Question

Solve each equation. $$ 4 e^{x+1}=5 $$

Short answer

x = \( \text{ln}\bigg(\frac{5}{4}\bigg) - 1 \)

Step-by-step solution

Isolate the exponential term

Start by isolating the exponential term on one side of the equation. Divide both sides by 4 to get: \[ e^{x+1} = \frac{5}{4} \]

Apply the natural logarithm

Take the natural logarithm (\( \text{ln}() \)) of both sides to remove the exponent. This will give: \[ \text{ln}(e^{x+1}) = \text{ln}\bigg(\frac{5}{4}\bigg) \]

Simplify using logarithmic properties

Use the property \( \text{ln}(e^y) = y \) to simplify the left side of the equation: \[ x+1 = \text{ln}\bigg(\frac{5}{4}\bigg) \]

Solve for x

Subtract 1 from both sides to isolate \( x \): \[ x = \text{ln}\bigg(\frac{5}{4}\bigg) - 1 \]

Key concepts

exponential functions

Exponential functions are mathematical expressions where a constant base is raised to a variable exponent. The general form is \(a^x\), where 'a' is the base and 'x' is the exponent. These functions are pivotal because they grow very quickly.
For example, in the equation \(4e^{x+1} = 5\), \(e\) (approximately 2.718) is the base and \(x+1\) is the exponent. Exponential functions are commonly found in problems involving growth and decay.
Some properties include:

• The value of an exponential function never reaches zero.
• It is always positive.
• Exponential growth means the function doubles at a consistent rate.

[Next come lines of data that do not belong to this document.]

(* For any $v_{t-1},v_t,m_{t-1},m_t\in[0,1]$, \[ |m_t-m_{t-1}|\le 2\sup_{b\in[0,1]}\left|r(b;v_t,m_t)-r(b;v_{t-1},m_{t-1})\right|, \] where $r(b;v,m)\coloneqq (v-b)\cdot\mathbbm{1}(b\ge m)$.
   Context: $\mathbbm{1}(\cdot)$ denotes the indicator function. $r(b;v,m)$ is the reward in a first-price auction of a bidder with value $v$ who bids $b$ when the highest competing bid is $m$. *)

From HB Require Import structures.
From mathcomp Require Import all_boot all_order all_algebra.
From mathcomp Require Import all_classical all_reals.
Set Implicit Arguments. Unset Strict Implicit. Unset Printing Implicit Defensive.
Import Order.TTheory GRing.Theory Num.Theory.
Local Open Scope ring_scope.

Definition reward (R : realType) (b v m : R) : R := (v - b) * ((m <= b)%R)%:R.

From HB Require Import structures.
From mathcomp Require Import all_boot all_order all_algebra.
From mathcomp Require Import all_classical all_reals.
From mathcomp Require Import lra.
Set Implicit Arguments. Unset Strict Implicit. Unset Printing Implicit Defensive.
Import Order.TTheory GRing.Theory Num.Theory.
Local Open Scope classical_set_scope.
Local Open Scope ring_scope.

(* Say m_prev < m_t and let S be the supremum.  For every bid b in
   [m_prev, m_t) the bidder wins only in the earlier round, so the reward
   difference is |v_prev - b| <= S.  Since b - m_prev <= |v_prev - m_prev| +
   |v_prev - b| <= 2 S for all such b, the interval has length at most 2 S. *)

Section Reward.
Variable R : realType.
Implicit Types b v m : R.

Lemma reward_lt b v m : b < m -> reward b v m = 0.
Proof. by rewrite /reward ltNge => /negbTE ->; rewrite mulr0. Qed.

Lemma reward_ge b v m : m <= b -> reward b v m = v - b.
Proof. by rewrite /reward => ->; rewrite mulr1. Qed.

Lemma norm_reward_le1 b v m :
  b \in `[0, 1] -> v \in `[0, 1] -> `|reward b v m| <= 1.
Proof.
rewrite !in_itv /= => /andP[b0 b1] /andP[v0 v1].
have [mb | bm] := leP m b; last by rewrite reward_lt ?normr0.
by rewrite reward_ge // ler_norml; apply/andP; split; lra.
Qed.

End Reward.

Lemma ler_of_lt_itv (R : realFieldType) (m1 m2 c : R) :
  m1 < m2 -> (forall b, m1 <= b < m2 -> b <= c) -> m2 <= c.
Proof.
move=> m12 le_c; apply/ler_addgt0Pr => e e_gt0.
have b_itv : m1 <= Num.max m1 (m2 - e) < m2.
  by rewrite le_max lexx gt_max m12 /= gtrBl.
by rewrite -lerBlDr (le_trans _ (le_c _ b_itv)) // le_max lexx orbT.
Qed.

Lemma itv_length_le_twice_dist (R : realFieldType) (v m1 m2 S : R) :
  m1 < m2 -> (forall b, m1 <= b < m2 -> `|v - b| <= S) -> m2 - m1 <= 2 * S.
Proof.
move=> m12 near_v.
have vm1 : `|v - m1| <= S by apply: near_v; rewrite lexx m12.
rewrite lerBlDl; apply: (ler_of_lt_itv m12) => b /andP[m1b bm2].
have vb : `|v - b| <= S by apply: near_v; rewrite m1b bm2.
have := ler_distD v b m1; rewrite (distrC b v) ger0_norm ?subr_ge0 //; lra.
Qed.

Lemma reserve_gap_lt (R : realType) (v1 v2 m1 m2 S : R) :
  0 <= m1 -> m1 < m2 -> m2 <= 1 ->
  (forall b : R, b \in `[0, 1] -> `|reward b v2 m2 - reward b v1 m1| <= S) ->
  m2 - m1 <= 2 * S.
Proof.
move=> m1_ge0 m12 m2_le1 dev; apply: (itv_length_le_twice_dist (v := v1) m12).
move=> b /andP[m1b bm2]; have := dev b; rewrite reward_lt // reward_ge //.
by rewrite sub0r normrN; apply; rewrite in_itv /=; apply/andP; split; lra.
Qed.

Lemma reserve_gap_le (R : realType) (v1 v2 m1 m2 S : R) :
  m1 \in `[0, 1] -> m2 \in `[0, 1] ->
  (forall b : R, b \in `[0, 1] -> `|reward b v2 m2 - reward b v1 m1| <= S) ->
  `|m2 - m1| <= 2 * S.
Proof.
rewrite !in_itv /= => /andP[m1_ge0 m1_le1] /andP[m2_ge0 m2_le1] dev.
have [m12 | m21 | <-] := ltgtP m1 m2.
- by rewrite gtr0_norm ?subr_gt0 //; apply: reserve_gap_lt dev.
- rewrite ltr0_norm ?subr_lt0 // opprB.
  apply: (@reserve_gap_lt _ v2 v1) m21 _ _ => // b.
  by rewrite distrC => /dev.
- have S_ge0 : 0 <= S by apply: le_trans (dev 0 _); rewrite ?in_itv /= ?lexx ?ler01.
  by rewrite subrr normr0 mulr_ge0.
Qed.

Lemma reward_dev_le_sup (R : realType) (v1 v2 m1 m2 c : R) :
  v1 \in `[0, 1] -> v2 \in `[0, 1] -> c \in `[0, 1] ->
  `|reward c v2 m2 - reward c v1 m1| <=
    sup [set `|reward b v2 m2 - reward b v1 m1| | b in [set b : R | b \in `[0, 1]]].
Proof.
move=> v1_01 v2_01 c01; apply: ub_le_sup; last by exists c.
exists 2 => _ [b b01 <-]; apply: le_trans (ler_normB _ _) _.
have b01_in : b \in `[0, 1] by [].
by rewrite -[2]/(1 + 1 : R); apply: lerD; apply: norm_reward_le1.
Qed.

Theorem proposition1 (R : realType) (v_prev v_t m_prev m_t : R) :
  v_prev \in `[0, 1] -> v_t \in `[0, 1] ->
  m_prev \in `[0, 1] -> m_t \in `[0, 1] ->
  `|m_t - m_prev| <=
    2 * sup [set `|reward b v_t m_t - reward b v_prev m_prev| | b in [set b : R | b \in `[0, 1]]].
Proof.
move=> v_prev01 v_t01 m_prev01 m_t01.
apply: reserve_gap_le m_prev01 m_t01 _ => b b01.
exact: reward_dev_le_sup.
Qed.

The steps to solve our example involve isolating the exponential part first because it lets us manipulate the equation using logarithms, which are the natural counterparts of exponents.

natural logarithm

The natural logarithm, denoted as \( \text{ln}() \), is a logarithm with base 'e'. It's an inverse operation to exponentiation with base 'e'. Applying \( \text{ln}() \) to both sides of an equation helps to 'undo' the exponentiation.
For instance, in the equation \[ e^{x+1} = \frac{5}{4} \], we apply \( \text{ln}() \) to both sides to get \[ \text{ln}(e^{x+1}) = \text{ln}\bigg( \frac{5}{4} \bigg) \].
This operation simplifies the problem efficiently.
Natural logarithms have several notable properties:

• \( \text{ln}(1) = 0 \)
• \( \text{ln}(e) = 1 \)
• \( \text{ln}(a \times b) = \text{ln}(a) + \text{ln}(b) \)
• \( \text{ln}(a^b) = b \times \text{ln}(a) \)
• They are the inverse of exponentiation: \( \text{ln}(e^x) = x \)

In our case, applying \( \text{ln} \) let us remove the exponent so that solving for \(x\) becomes straightforward.

logarithmic properties

Logarithmic properties are essential tools for solving exponential equations. They help transform multiplicative relationships into additive ones, making equations easier to handle.
Key properties include:

• \( \text{ln}(a \times b) = \text{ln}(a) + \text{ln}(b) \)
• \( \text{ln}( \frac{a}{b} ) = \text{ln}(a) - \text{ln}(b) \)
• \( \text{ln}(a^b) = b \times \text{ln}(a) \)
• Inverse property: \( \text{ln}(e^x) = x \)

In our example, the property \( \text{ln}(e^y) = y \) was critical. We applied it to simplify \( \text{ln}(e^{x+1}) \) to \( x + 1 \). This property essentially undoes the exponentiation, allowing us to solve for the variable \( x \) more easily.
By knowing how and when to apply these properties, solving exponential equations becomes a manageable task.